Archbishop hits out at ‘ill-advised’ child abuse laws

Stock image.
Stock image.

THE Catholic Archbishop of Perth has hit out against plans by the State Government to break the seal of confession over child abuse.

The State Government has proposed changes to the Children and Community Services Act 2004 stem from recommendations made by the Royal Commission into Institutional Responses to Child Sexual Abuse.

They include mandatory reporting of child sexual abuse being extended to ministers of religion, even if those reports have been made as part of confession.

WA’s mandatory reporting laws currently require doctors, nurses, midwives, police officers, teachers and boarding supervisors to report child sexual abuse to the Department of Communities if they form a belief based on reasonable grounds – during the course of their paid or unpaid work – that a child has been or is the subject of sexual abuse.

Failing to do so can result in a $6000 fine.
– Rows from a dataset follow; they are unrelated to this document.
Lemma sigma_inj u v w : injective (sigma u v w).
Proof.
apply: (can_inj (g := sigma (- u) (- v - 2 * star w u) (- w))) => P.
by rewrite sigmaM starNl (_ : v + _ - _ = 0) ?subrr ?sigma1 //; ring.
Qed.

Definition sigma_perm u v w : {perm point F} := perm (@sigma_inj u v w).

Lemma sigma_permE u v w P : sigma_perm u v w P = sigma u v w P.
Proof. by rewrite permE. Qed.

Lemma is_sigmaP (g : {perm point F}) u v w :
  reflect (forall P, g P = sigma u v w P) (is_sigma f g u v w).
Proof. by apply: (iffP forallP) => gE P; apply/eqP. Qed.

Lemma is_sigma_perm u v w : is_sigma f (sigma_perm u v w) u v w.
Proof. by apply/is_sigmaP => P; rewrite sigma_permE. Qed.

Lemma collineationP (g : {perm point F}) :
  reflect (forall l, exists l', forall P, inc (g P) l' = inc P l) (collineation f g).
Proof.
apply: (iffP forallP) => g_coll l.
  by have /existsP [l' /forallP lE] := g_coll l; exists l' => P; apply/eqP.
by have [l' lE] := g_coll l; apply/existsP; exists l'; apply/forallP => P; rewrite lE.
Qed.

Lemma elationP (g : {perm point F}) axis center :
  reflect [/\ collineation f g, inc center axis,
              forall P, inc P axis -> g P = P &
              forall l, inc center l -> forall P, inc (g P) l = inc P l]
          (elation f g axis center).
Proof.
apply: (iffP and4P) => -[g_coll center_axis fix_axis fix_lines]; split => //.
- by move=> P /(implyP (forallP fix_axis P))/eqP.
- by move=> l /(implyP (forallP fix_lines l))/forallP lE P; apply/eqP.
- by apply/forallP => P; apply/implyP => /fix_axis ->.
- by apply/forallP => l; apply/implyP => /fix_lines lE; apply/forallP => P; rewrite lE.
Qed.

Lemma sigma_collineation (g : {perm point F}) u v w :
  is_sigma f g u v w -> collineation f g.
Proof.
move=> /is_sigmaP gE; apply/collineationP => -[[a b]|[a|]].
- exists (inl (a - u + w, b + v + f w + 2 * star a w)) => -[[x y]|[c|]]; rewrite gE //=.
    rewrite (_ : x + u + (a - u + w) = x + a + w); last by ring.
    rewrite fD starDl (starC w x).
    by rewrite -subr_eq0 -[RHS]subr_eq0; congr (_ == 0); ring.
  by rewrite -subr_eq0 -[RHS]subr_eq0; congr (_ == 0); ring.
- by exists (inr (Some (a + u))) => -[[x y]|[c|]]; rewrite gE //= (inj_eq (addIr _)).
- by exists (inr None) => -[[x y]|[c|]]; rewrite gE.
Qed.

Lemma collineation_affine_line (g : {perm point F}) a b c :
  collineation f g ->
  (forall x y, exists x' y', g (inl (x, y)) = inl (x', y')) ->
  g (inr (Some a)) = inr (Some c) ->
  exists b', forall x y, inc (g (inl (x, y))) (inl (c, b')) = (y == f (x + a) - b).
Proof.
move=> /collineationP/(_ (inl (a, b))) [[[a' b']|[d|]] lE] g_aff ga.
- have := lE (inr (Some a)); rewrite ga /= eqxx => /eqP ->.
  by exists b' => x y; apply: (lE (inl (x, y))).
- by have := lE (inr (Some a)); rewrite ga /= eqxx.
- have [x' [y' gE]] := g_aff 0 (f (0 + a) - b).
  by have := lE (inl (0, f (0 + a) - b)); rewrite gE /= eqxx.
Qed.

Section Shear.
Variables (g : {perm point F}) (u : F) (h : F -> F).
Hypotheses (g_coll : collineation f g)
           (gE : forall x y, g (inl (x, y)) = inl (x + u, y + h x)).

Lemma shear_slope a c :
  g (inr (Some a)) = inr (Some c) -> forall x, h x = h 0 + 2 * star x (u + c - a).
Proof.
move=> ga x; set d := u + c - a.
have g_aff x' y' : exists x'' y'', g (inl (x', y')) = inl (x'', y'').
  by exists (x' + u), (y' + h x').
have [b' lE] := collineation_affine_line 0 g_coll g_aff ga.
have onl z : h z = f (z + a + d) - f (z + a) - b'.
  have := lE z (f (z + a)); rewrite gE /= subr0 eqxx => /eqP zE.
  rewrite (_ : z + a + d = z + u + c); last by rewrite /d; ring.
  by apply: (addrI (f (z + a))); rewrite zE; ring.
by rewrite (onl x) (onl 0) add0r (fD (x + a)) (fD a) starDl; ring.
Qed.

Lemma shear_collineation_sigma : exists v w, is_sigma f g u v w.
Proof.
have g_inr s : exists c, g (inr s) = inr c.
  case gs: (g (inr s)) => [[x y]|c]; last by exists c.
  by have := gE (x - u) (y - h (x - u)); rewrite !subrK -gs => /perm_inj.
have g_inf : g (inr None) = inr None.
  have [c gc] := g_inr None; rewrite gc.
  move/collineationP: g_coll => /(_ (N_ 0)) [[[a b]|[d|]] lE].
  - have := lE (inl (0, 0)); have := lE (inl (0, 1)); rewrite !gE /= !eqxx.
    move=> /eqP e1 /eqP e0; move: e1; rewrite -e0 => /addIr/eqP.
    by rewrite oner_eq0.
  - by move: (lE (inr None)); rewrite gc; case: c {gc}.
  - by have := lE (inl (0, 0)); rewrite gE /= eqxx.
have g_slope a : exists c, g (inr (Some a)) = inr (Some c).
  have [[c|] ga] := g_inr (Some a); first by exists c.
  by move: ga; rewrite -g_inf => /perm_inj.
have [c0 gc0] := g_slope 0.
exists (- h 0), (u + c0); apply/is_sigmaP => -[[x y]|[a|]] /=.
- by rewrite gE (shear_slope gc0) subr0 opprK starC; congr (inl (_, _)); ring.
- have [c gc] := g_slope a; rewrite gc; congr (inr (Some _)).
  have slopeE : u + c - a = u + c0 - 0.
    apply: star_rinj => x; apply: (mulfI two_neq0); apply: (addrI (h 0)).
    by rewrite -(shear_slope gc) -(shear_slope gc0).
  by rewrite subr0 in slopeE; rewrite -slopeE; ring.
- exact: g_inf.
Qed.

End Shear.

Lemma shear_elation_sigma (g : {perm point F}) u h :
  collineation f g -> (forall x y, g (inl (x, y)) = inl (x + u, y + h x)) ->
  g (inr (Some 0)) = inr (Some 0) -> exists v, is_sigma f g u v u.
Proof.
move=> g_coll gE g0; have [v [w g_sigma]] := shear_collineation_sigma g_coll gE.
exists v; suff wu : w = u by rewrite wu in g_sigma.
move/is_sigmaP: (g_sigma) => /(_ (inr (Some 0))); rewrite g0 /= add0r => -[].
by move/eqP; rewrite eq_sym subr_eq0 => /eqP.
Qed.

Lemma shift_groupE :
  shift_group f = [set g | [exists u, exists v, is_sigma f g u v 0]].
Proof.
apply/setP => g; rewrite !inE; apply/andP/existsP.
- case=> g_coll /existsP [u /existsP [v /forallP shiftE]].
  have gE x y : g (inl (x, y)) = inl (x + u, y + (fun _ => v) x).
    by apply/eqP; have /forallP := shiftE x; apply.
  have [v' [w /is_sigmaP g_sigma]] := shear_collineation_sigma g_coll gE.
  have shiftE' x : 2 * star w x - v' = v.
    by have := g_sigma (inl (x, 0)); rewrite gE /= !add0r => -[].
  have w0 : w = 0.
    apply: star_rinj => z; rewrite starC star0r; apply: (mulfI two_neq0).
    by apply: (addIr (- v')); rewrite shiftE' -(shiftE' 0) star0r.
  by exists u; apply/existsP; exists v'; apply/is_sigmaP; rewrite -w0.
- case=> u /existsP [v g_sigma]; split; first exact: sigma_collineation g_sigma.
  apply/existsP; exists u; apply/existsP; exists (- v).
  apply/forallP => x; apply/forallP => y.
  by move/is_sigmaP: g_sigma => ->; rewrite /= star0l mulr0 addr0.
Qed.

Lemma fixed_verticals (g : {perm point F}) :
  g (inr None) = inr None -> (forall x P, inc (g P) (N_ x) = inc P (N_ x)) ->
  exists psi : F -> F -> F, forall x y, g (inl (x, y)) = inl (x, psi x y).
Proof.
move=> g_inf fixN; exists (fun x y => if g (inl (x, y)) is inl (_, y') then y' else 0).
move=> x y; have := fixN x (inl (x, y)); rewrite /= eqxx.
case gxy: (g (inl (x, y))) => [[x' y']|[c|]] //=; first by move/eqP ->.
by move: gxy; rewrite -g_inf => /perm_inj.
Qed.
Lemma star_max_proper (m : T) (th : Bpairs (T := T) -> Bpairs) :
  Max_set = [set m] -> injective th -> is_proper th.
Proof.
move=> hM thinj.
have top (b : Bpairs (T := T)) : (val b).2 = m.
  by apply/set1P; rewrite -hM; exact: lt_maxset (valP b).
have bot_inj : injective (fun b : Bpairs (T := T) => (val b).1).
  move=> b1 b2 e; apply: val_inj.
  by rewrite [val b1]surjective_pairing [val b2]surjective_pairing !top e.
have [l [linj lout lth]] := transport_inj bot_inj thinj.
have lm : l m = m.
  by apply: lout; apply/codomP => -[b hb]; have := valP b; rewrite top -hb ltxx.
have lx_m x : (l x == m) = (x == m) by rewrite -{1}lm (inj_eq linj).
left; exists l; split.
  split; first exact: injF_bij.
  by move=> x y; rewrite !(star_max_le hM) (inj_eq linj) lx_m.
by move=> b; rewrite [LHS]surjective_pairing !top lm lth.
Qed.

Lemma walk_alternates (a : T) (p : seq T) : a \in Min_set -> path walk_adj a p ->
  forall i, (i < size p)%N ->
  if odd i then nth a p i < nth a (a :: p) i else nth a (a :: p) i < nth a p i.
Proof.
move=> ha /(pathP a) hp; elim=> [|i IH] hi; first exact: minset_walk_adj ha (hp 0 hi).
move: (IH (ltnW hi)) (hp i.+1 hi) => /=; case: (odd i) => /= [/lt_minset|/lt_maxset].
  exact: minset_walk_adj.
exact: maxset_walk_adj.
Qed.

Hypothesis no_crown : ~ has_weak_crown (T := T).

Lemma bypass_weak_crown (a b : T) (p : seq T) :
  a < b -> path walk_adj a p -> uniq (a :: p) -> last a p = b -> p != [:: b] ->
  has_weak_crown (T := T).
Proof.
move=> hab hp hu hl hpb; set w := a :: p; set k := size p.
have alt := walk_alternates (lt_minset hab) hp.
have k_gt0 : (0 < k)%N.
  by rewrite lt0n size_eq0; apply: contraTneq hab => p0; rewrite -hl p0 ltxx.
have pk : nth a p k.-1 = b by rewrite -hl nth_last.
have k_odd : odd k.
  have := alt k.-1; rewrite ltn_predL k_gt0 pk -[in odd k](prednK k_gt0) /= => /(_ isT).
  by case: (odd k.-1); rewrite //= (lt_ltF _ hab).
have k_neq1 : k != 1%N.
  by move: hl hpb; rewrite /k; case: (p) => [|x []] //= ->; rewrite eqxx.
set m := k./2; have k_eq : k = m.*2.+1 by rewrite -[in LHS](odd_double_half k) k_odd.
exists m.+1, (fun i => nth a w i.*2), (fun i => nth a w i.*2.+1); split.
- by move: k_neq1; rewrite k_eq ltnS; case: (m).
- by apply: uniq_nth_even_odd hu _; rewrite /= -/k k_eq doubleS.
- by move=> i hi; have := alt i.*2 ltac:(lia); rewrite odd_double.
- by move=> i hi; have := alt i.*2.+1 ltac:(lia); rewrite /= odd_double.
- by move: pk; rewrite /= k_eq /= => ->.
Qed.

Lemma edge_bridge (a b : T) : a < b -> ~~ connect (edge_removed walk_adj a b) a b.
Proof.
move=> hab; apply/negP => /connectP[p0 hp0 hl0].
case: (shortenP hp0) hl0 => p hp hu _ hl {hp0 p0}.
have hp' : path walk_adj a p by apply: sub_path hp => u v /andP[/andP[]].
have hpb : p != [:: b] by apply: contraTneq hp => ->; rewrite /= /edge_removed eqxx andbF.
exact: no_crown (bypass_weak_crown hab hp' hu (esym hl) hpb).
Qed.

Lemma admissible_all (th : Bpairs (T := T) -> Bpairs) : admissible th.
Proof.
move=> u0 rest /andP[hp /eqP hl] z.
have hbal a b (hab : a < b) := bridge_crossings walk_adj_sym (edge_bridge hab) hp hl.
pose img_of (end_ : T * T -> T) u v :=
  [exists b, (end_ (val b) == z) && (val (th b) == (u, v))].
rewrite /s_plus /s_minus /t_plus /t_minus.
by rewrite (count_lt_swap (img_of fst) hbal) (count_lt_swap (img_of snd) hbal) !subrr.
Qed.

Lemma in_AM_bijective (th : Bpairs (T := T) -> Bpairs) : bijective th -> in_AM th.
Proof. by move=> hb; split; [exact: in_M_bijective | exact: admissible_all]. Qed.

Lemma zigzag_nonproper_AM (a b c e : T) :
  c < b -> c < e -> a < b -> a != c -> b != e ->
  exists th : Bpairs (T := T) -> Bpairs, in_AM th /\ ~ is_proper th.
Proof.
move=> hcb hce hab hac hbe.
pose ecb : Bpairs (T := T) := exist _ (c, b) hcb.
pose ece : Bpairs (T := T) := exist _ (c, e) hce.
pose eab : Bpairs (T := T) := exist _ (a, b) hab.
have neq_ab (f : Bpairs (T := T)) : (val f).1 = c -> f != eab.
  by move=> hf; apply: contra_neq hac => hfe; rewrite -hf hfe.
exists (tperm ecb ece); split; first exact/in_AM_bijective/injF_bij/perm_inj.
apply: (zigzag_not_proper (hcb := hcb) (hab := hab) hac hbe); first by rewrite tpermL.
by rewrite tpermD ?neq_ab.
Qed.

Hypothesis connected : poset_connected (T := T).

Lemma minset_zigzag (x y : T) : x \in Min_set -> y \in Min_set -> y != x ->
  exists w z : T, [/\ x < w, z < w & z != x].
Proof.
move=> hx hy hyx; have hxy : x != y by rewrite eq_sym.
have nxy : ~~ (x >=< y).
  by apply: contra hyx => hxy'; rewrite eq_le !minset_comparable_le // comparable_sym.
have [v [w [hxv hvw]]] := connected_path2 connected hxy nxy.
rewrite /= !inE !negb_or andbT => /andP[/andP[hxv' hxw] hvw'].
have hlt : x < v by rewrite lt_neqAle hxv' minset_comparable_le.
exists v, w; split; [done | | by rewrite eq_sym].
by rewrite lt_neqAle eq_sym hvw' maxset_comparable_ge // (lt_maxset hlt).
Qed.
Lemma dot_tangent_evolute_third s : a < s < b ->
  dot (T s) (vderive (vderive (vderive E)) s) = sigma s * tau s * K s.
Proof.
  intros Hs. pose proof (frenet_frame s Hs) as HF.
  pose proof (vsmooth_in_vderive a b _ (vsmooth_in_vderive a b _ vsmooth_evolute)) as HE2.
  pose proof (is_derive_dot _ _ s _ _ (vsmooth_in_is_vderive a b T s vsmooth_tangent Hs)
    (vsmooth_in_is_vderive a b _ s HE2 Hs)) as H.
  apply (is_derive_const_in a b _ 0) in H; [|intros u Hu | exact Hs].
  - rewrite tangent_derivative, evolute_second_derivative, dot_vscale_l, dot_vadd_r, !dot_vscale_r,
      (frame_NB _ _ _ HF), (proj1 (proj2 HF)) in H by exact Hs.
    lra.
  - destruct (frenet_frame u Hu) as [_ [_ [TN _]]].
    rewrite evolute_second_derivative, dot_vadd_r, !dot_vscale_r, TN by exact Hu.
    rewrite (frame_TB _ _ _ (frenet_frame u Hu)). ring.
Qed.

Lemma cross_evolute_derivatives s : a < s < b ->
  cross (vderive E s) (vderive (vderive E) s) = vscale (sigma s * (sigma s * tau s)) (T s).
Proof.
  intros Hs. rewrite evolute_derivative, evolute_second_derivative by exact Hs.
  transitivity (vscale (sigma s * (sigma s * tau s)) (cross (N s) (B s))); [vec_ring|].
  rewrite (frame_NxB _ _ _ (frenet_frame s Hs)). reflexivity.
Qed.

Lemma evolute_curvature_speed s : a < s < b ->
  gen_curvature E s * vnorm (vderive E s) = Rabs (tau s).
Proof.
  intros Hs.
  assert (HB : vnorm (B s) = 1) by exact (vnorm_unit _ (frame_BB _ _ _ (frenet_frame s Hs))).
  assert (Hsig : Rabs (sigma s) <> 0) by exact (Rabs_no_R0 _ (sigma_neq0 s Hs)).
  unfold gen_curvature.
  rewrite cross_evolute_derivatives, evolute_derivative, !vnorm_vscale, unit_speed, HB, !Rabs_mult
    by exact Hs.
  field. exact Hsig.
Qed.

Lemma evolute_torsion_speed s : a < s < b ->
  gen_torsion E s * vnorm (vderive E s) = sgn (sigma s) * K s.
Proof.
  intros Hs. pose proof (sigma_neq0 s Hs). pose proof (torsion_neq0 s Hs).
  assert (HB : vnorm (B s) = 1) by exact (vnorm_unit _ (frame_BB _ _ _ (frenet_frame s Hs))).
  unfold gen_torsion.
  rewrite det3E, cross_evolute_derivatives, dot_vscale_l, dot_tangent_evolute_third, vnorm_vscale,
    unit_speed, evolute_derivative, vnorm_vscale, HB, Rmult_1_r, Rmult_1_r, pow2_abs by exact Hs.
  unfold sgn. destruct (Rlt_dec 0 (sigma s)).
  - rewrite Rabs_right by lra. field. auto.
  - destruct (Rlt_dec (sigma s) 0); [|lra].
    rewrite Rabs_left by lra. field. auto.
Qed.
End Frenet.

Theorem mainTheorem6 (xi : R -> vec) (a b c d : R) :
  c < a -> a < b -> b < d ->
  smooth_on c d xi ->
  (forall t, a <= t <= b -> vnorm (vderive xi t) = 1) ->
  (forall t, a <= t <= b -> 0 < curvature xi t) ->
  (forall t, a <= t <= b -> torsion xi t <> 0) ->
  (forall t, a <= t <= b -> sigma_fn xi t <> 0) ->
  RInt (fun t => gen_curvature (evolute xi) t * vnorm (vderive (evolute xi) t)) a b
    = RInt (fun t => Rabs (torsion xi t)) a b /\
  RInt (fun t => gen_torsion (evolute xi) t * vnorm (vderive (evolute xi) t)) a b
    = RInt (fun t => sgn (sigma_fn xi t) * curvature xi t) a b.
Proof.
  intros Hca Hab Hbd Hxi Hunit Hk Htau Hsigma.
  assert (Hsmooth : vsmooth_in a b xi)
    by (apply (vsmooth_in_of_smooth_on xi a b c d); [lra | lra | exact Hxi]).
  assert (Hopen : forall P : R -> Prop, (forall t, a <= t <= b -> P t) -> forall t, a < t < b -> P t)
    by (intros P H t Ht; apply H; lra).
  split; apply RInt_ext; rewrite Rmin_left, Rmax_right by lra; intros t Ht.
  - apply (evolute_curvature_speed xi a b); try apply Hopen; assumption.
  - apply (evolute_torsion_speed xi a b); try apply Hopen; assumption.
Qed.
A bill that would force Western Australia’s religious leaders to report child sex abuse will be introduced to state parliament.

Archbishop Timothy Costelloe said he recognised the State Government’s desire to protect children but extending mandatory reporting to ministers of religion was “ill-advised”.

He said a priest had no right to reveal to anyone anything they learnt while hearing confession.

“The enactment of this proposed new legislation does not necessarily equate to the guaranteed future safety of our children and young people,” Archbishop Costelloe said.

“Should priests be designated as mandatory reporters of information they gain during the sacrament of penance, the already slim likelihood that a child abuser will come to confession will, to all intents and purposes, be curtailed.

“I encourage the Western Australian Government to think again.”

He said sexual abuse of children and young people was an abhorrent crime wherever, whenever and by whomever it is perpetrated and encouraged anyone with allegations to report them to the police.